Task instructions: Please reproduce, exactly and with nothing added, the line containing "move=> hv; rewrite dotvZl" and every line after it to the end of the records.

Stored items:
*** Block opens ***
(* The north pole (resp. south pole) of the shape sphere $M^\ast$, i.e. the geometric center of the hemisphere $M^\ast_+$ of positively oriented shapes (resp. $M^\ast_-$ of negatively oriented shapes), is the shape of the positively (resp. negatively) oriented m-triangle with $I=1$ whose individual moments of inertia equal the dual masses: $I_j=\frac12(1-m_j)$, $j=1,2,3$.
   Context: Masses $m_1,m_2,m_3>0$, $m_1+m_2+m_3=1$; m-triangles $(\mathbf a_1,\mathbf a_2,\mathbf a_3)$, $\mathbf a_i\in\mathbb R^3$, $\sum m_i\mathbf a_i=0$, with $I_j=m_j|\mathbf a_j|^2$ and $I=\sum I_j$. Oriented m-triangles carry a unit normal $\mathbf n$; a nondegenerate one is positively oriented if $(\mathbf a_1,\mathbf a_2,\mathbf n)$ is right-handed. The shape space $M^\ast$ (oriented m-triangles with $I=1$ modulo rotation), with the kinematic metric induced from $\sum m_i|d\mathbf a_i|^2$ via lifts of zero angular momentum, is a round sphere of radius $1/2$, divided by the equator of collinear shapes into the closed hemispheres $M^\ast_\pm$ of positively and negatively oriented shapes. *)

From HB Require Import structures.
From mathcomp Require Import all_boot all_order all_algebra.
From mathcomp Require Import all_classical all_reals all_analysis.
Set Implicit Arguments. Unset Strict Implicit. Unset Printing Implicit Defensive.
Import Order.TTheory GRing.Theory Num.Theory.
Local Open Scope ring_scope.
Local Open Scope classical_set_scope.

Section Defs.
Variable R : realType.

Definition dotv (u v : 'rV[R]_3) : R := (u *m v^T) 0 0.

Definition is_mtriangle (m : 'I_3 -> R) (a : 'I_3 -> 'rV[R]_3) : Prop :=
  \sum_(i < 3) m i *: a i = 0.

Definition inertia_j (m : 'I_3 -> R) (a : 'I_3 -> 'rV[R]_3) (j : 'I_3) : R :=
  m j * dotv (a j) (a j).
Definition inertia (m : 'I_3 -> R) (a : 'I_3 -> 'rV[R]_3) : R :=
  \sum_(j < 3) inertia_j m a j.

Definition oriented_mtriangle m a (n : 'rV[R]_3) : Prop :=
  is_mtriangle m a /\ dotv n n = 1 /\ forall i, dotv n (a i) = 0.

(* collinear: all vertices on a common line (through the center of mass 0) *)
Definition collinear (a : 'I_3 -> 'rV[R]_3) : Prop :=
  exists u : 'rV[R]_3, forall i, exists t : R, a i = t *: u.

Definition frame_det (a : 'I_3 -> 'rV[R]_3) (n : 'rV[R]_3) : R :=
  \det (\matrix_(i < 3, j < 3) (nth 0 [:: a 0; a 1; n] i) 0 j).

Definition pos_oriented a n : Prop := ~ collinear a /\ 0 < frame_det a n.
Definition neg_oriented a n : Prop := ~ collinear a /\ frame_det a n < 0.

Definition rotation (Q : 'M[R]_3) : Prop := Q *m Q^T = 1 /\ \det Q = 1.

(* Distance in M^* (kinematic metric, quotient by rotations) between the shapes
   of two oriented m-triangles with I = 1: arccos of the maximal mass-weighted
   inner product over rotations (acting on rows by v |-> v *m Q) matching the
   orientation normals. *)
Definition shape_cos m a n b (n' : 'rV[R]_3) : R :=
  sup [set x : R | exists Q, rotation Q /\ n' *m Q = n /\
         x = \sum_(i < 3) m i * dotv (a i) (b i *m Q)].
Definition shape_dist m a n b n' : R := acos (shape_cos m a n b n').

(* the shape of (a,n) is the center (pole) of the closed hemisphere M^*_+
   (resp. M^*_-): it lies in that hemisphere and is at distance pi/4
   (a quarter great circle of the sphere of radius 1/2) from every point
   of the equator of collinear shapes. *)
Definition is_north_pole m a n : Prop :=
  oriented_mtriangle m a n /\ inertia m a = 1 /\ (pos_oriented a n \/ collinear a) /\
  forall b n', oriented_mtriangle m b n' -> inertia m b = 1 -> collinear b ->
    shape_dist m a n b n' = pi / 4.
Definition is_south_pole m a n : Prop :=
  oriented_mtriangle m a n /\ inertia m a = 1 /\ (neg_oriented a n \/ collinear a) /\
  forall b n', oriented_mtriangle m b n' -> inertia m b = 1 -> collinear b ->
    shape_dist m a n b n' = pi / 4.

End Defs.

(* For a collinear shape [b_i = t_i u], normalised by [sum m_i t_i = 0] and
   [sum m_i t_i^2 = 1], the best rotation aligns [u] with [w = sum m_i t_i a_i],
   so the cosine of the shape distance from [a] to [b] is [|w|].  Hence [a] is
   at distance pi/4 from the whole equator iff [|w|^2 = 1/2] for all such [t].
   Testing [t_i = delta_ij - m_j] yields [I_j = (1 - m_j)/2]; conversely these
   values force [a_i . a_j = -1/2] for [i <> j], whence
   [|w|^2 = (sum m_i t_i^2 - (sum m_i t_i)^2) / 2 = 1/2].  Such a triangle is not
   collinear, and an explicit one of either orientation exists. *)

From HB Require Import structures.
From mathcomp Require Import all_boot all_order all_algebra.
From mathcomp Require Import all_classical all_reals all_analysis.
From mathcomp Require Import ring lra.
Set Implicit Arguments. Unset Strict Implicit. Unset Printing Implicit Defensive.
Import Order.TTheory GRing.Theory Num.Theory.
Local Open Scope ring_scope.
Local Open Scope classical_set_scope.

Section Vectors.
Variable R : realType.
Implicit Types (u v w n p q : 'rV[R]_3).

Lemma sum_ord3 (V : nmodType) (F : 'I_3 -> V) :
  \sum_(i < 3) F i = F 0 + F 1 + F 2.
Proof.
rewrite !big_ord_recr big_ord0 /= add0r.
by congr (_ + _ + _); congr F; apply: val_inj.
Qed.

Lemma ord3P (j : 'I_3) : j = 0 \/ j = 1 \/ j = 2.
Proof.
case: j => [[|[|[|//]]] hj]; [left | right; left | right; right]; exact: val_inj.
Qed.

Lemma det_mx33 (A : 'M[R]_3) : \det A =
  A 0 0 * (A 1 1 * A 2 2 - A 1 2 * A 2 1) - A 0 1 * (A 1 0 * A 2 2 - A 1 2 * A 2 0)
  + A 0 2 * (A 1 0 * A 2 1 - A 1 1 * A 2 0).
Proof.
(* Reading every entry through [inord] makes the [lift]ed indices of the
   expansion compute, so that [ring] identifies equal entries. *)
pose f (i j : nat) := A (inord i) (inord j).
have idx (i j : 'I_3) : A i j = f i j by rewrite /f !inord_val.
rewrite (expand_det_row _ 0) !big_ord_recr big_ord0 /= /cofactor.
rewrite !(expand_det_row _ 0) !big_ord_recr !big_ord0 /= /cofactor.
rewrite !det_mx11 !mxE !idx /bump /= !expr0 sqrrN expr1n.
by ring.
Qed.

Lemma dotvE u v : dotv u v = u 0 0 * v 0 0 + u 0 1 * v 0 1 + u 0 2 * v 0 2.
Proof. by rewrite /dotv !mxE sum_ord3 !mxE. Qed.

Lemma dotvC u v : dotv u v = dotv v u.
Proof. by rewrite !dotvE; ring. Qed.

Lemma dotvZl c u v : dotv (c *: u) v = c * dotv u v.
Proof. by rewrite !dotvE !mxE; ring. Qed.

Lemma dotvZr c u v : dotv u (c *: v) = c * dotv u v.
Proof. by rewrite !dotvE !mxE; ring. Qed.

Lemma dotvDr u v w : dotv u (v + w) = dotv u v + dotv u w.
Proof. by rewrite !dotvE !mxE; ring. Qed.

Lemma dotv0r u : dotv u 0 = 0.
Proof. by rewrite dotvE !mxE; ring. Qed.

Lemma dotv_ge0 u : 0 <= dotv u u.
Proof. by rewrite dotvE; nra. Qed.

Definition row3 (x y z : R) : 'rV[R]_3 := \row_(j < 3) nth 0 [:: x; y; z] j.

Definition cross p q : 'rV[R]_3 :=
  row3 (p 0 1 * q 0 2 - p 0 2 * q 0 1) (p 0 2 * q 0 0 - p 0 0 * q 0 2)
       (p 0 0 * q 0 1 - p 0 1 * q 0 0).

Lemma dotv_crossl p q : dotv p (cross p q) = 0.
Proof. by rewrite !dotvE !mxE /=; ring. Qed.

Lemma dotv_crossr p q : dotv q (cross p q) = 0.
Proof. by rewrite !dotvE !mxE /=; ring. Qed.

Lemma dotv_cross p q :
  dotv (cross p q) (cross p q) = dotv p p * dotv q q - dotv p q ^+ 2.
Proof. by rewrite !dotvE !mxE /=; ring. Qed.

Lemma dotv_sqr_le u v : dotv u v ^+ 2 <= dotv u u * dotv v v.
Proof. by have := dotv_ge0 (cross u v); rewrite dotv_cross subr_ge0. Qed.

Lemma dotv_le_sqrt w v : dotv v v = 1 -> dotv w v <= Num.sqrt (dotv w w).
Proof.
move=> hv; apply: (le_trans (ler_norm _)); rewrite -sqrtr_sqr ler_wsqrtr //.
by have := dotv_sqr_le w v; rewrite hv mulr1.
Qed.

Lemma dotv_self_eq0 w v : dotv w w = 0 -> dotv w v = 0.
Proof.
move=> hw; have := dotv_sqr_le w v; rewrite hw mul0r => h.
by apply/eqP; rewrite -sqrf_eq0 eq_le h sqr_ge0.
Qed.

Definition normalize v := (Num.sqrt (dotv v v))^-1 *: v.

Lemma dotv_normalize v : 0 < dotv v v -> dotv (normalize v) (normalize v) = 1.
Proof.
move=> hv; rewrite dotvZl dotvZr mulrA -expr2 exprVn sqr_sqrtr ?ltW //.
by rewrite mulVf // gt_eqF.
Qed.

Lemma dotv_normalizer v : 0 < dotv v v -> dotv v (normalize v) = Num.sqrt (dotv v v).
Proof.
move=> hv; rewrite dotvZr -{2}(sqr_sqrtr (ltW hv)) expr2 mulKf // gt_eqF //.
by rewrite sqrtr_gt0.
Qed.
*** Block closes ***
Solution to this exercise:
move=> hv; rewrite dotvZl dotvZr mulrA -expr2 exprVn sqr_sqrtr ?ltW //.
by rewrite mulVf // gt_eqF.
Qed.

Lemma dotv_normalizer v : 0 < dotv v v -> dotv v (normalize v) = Num.sqrt (dotv v v).
Proof.
move=> hv; rewrite dotvZr -{2}(sqr_sqrtr (ltW hv)) expr2 mulKf // gt_eqF //.
by rewrite sqrtr_gt0.
Qed.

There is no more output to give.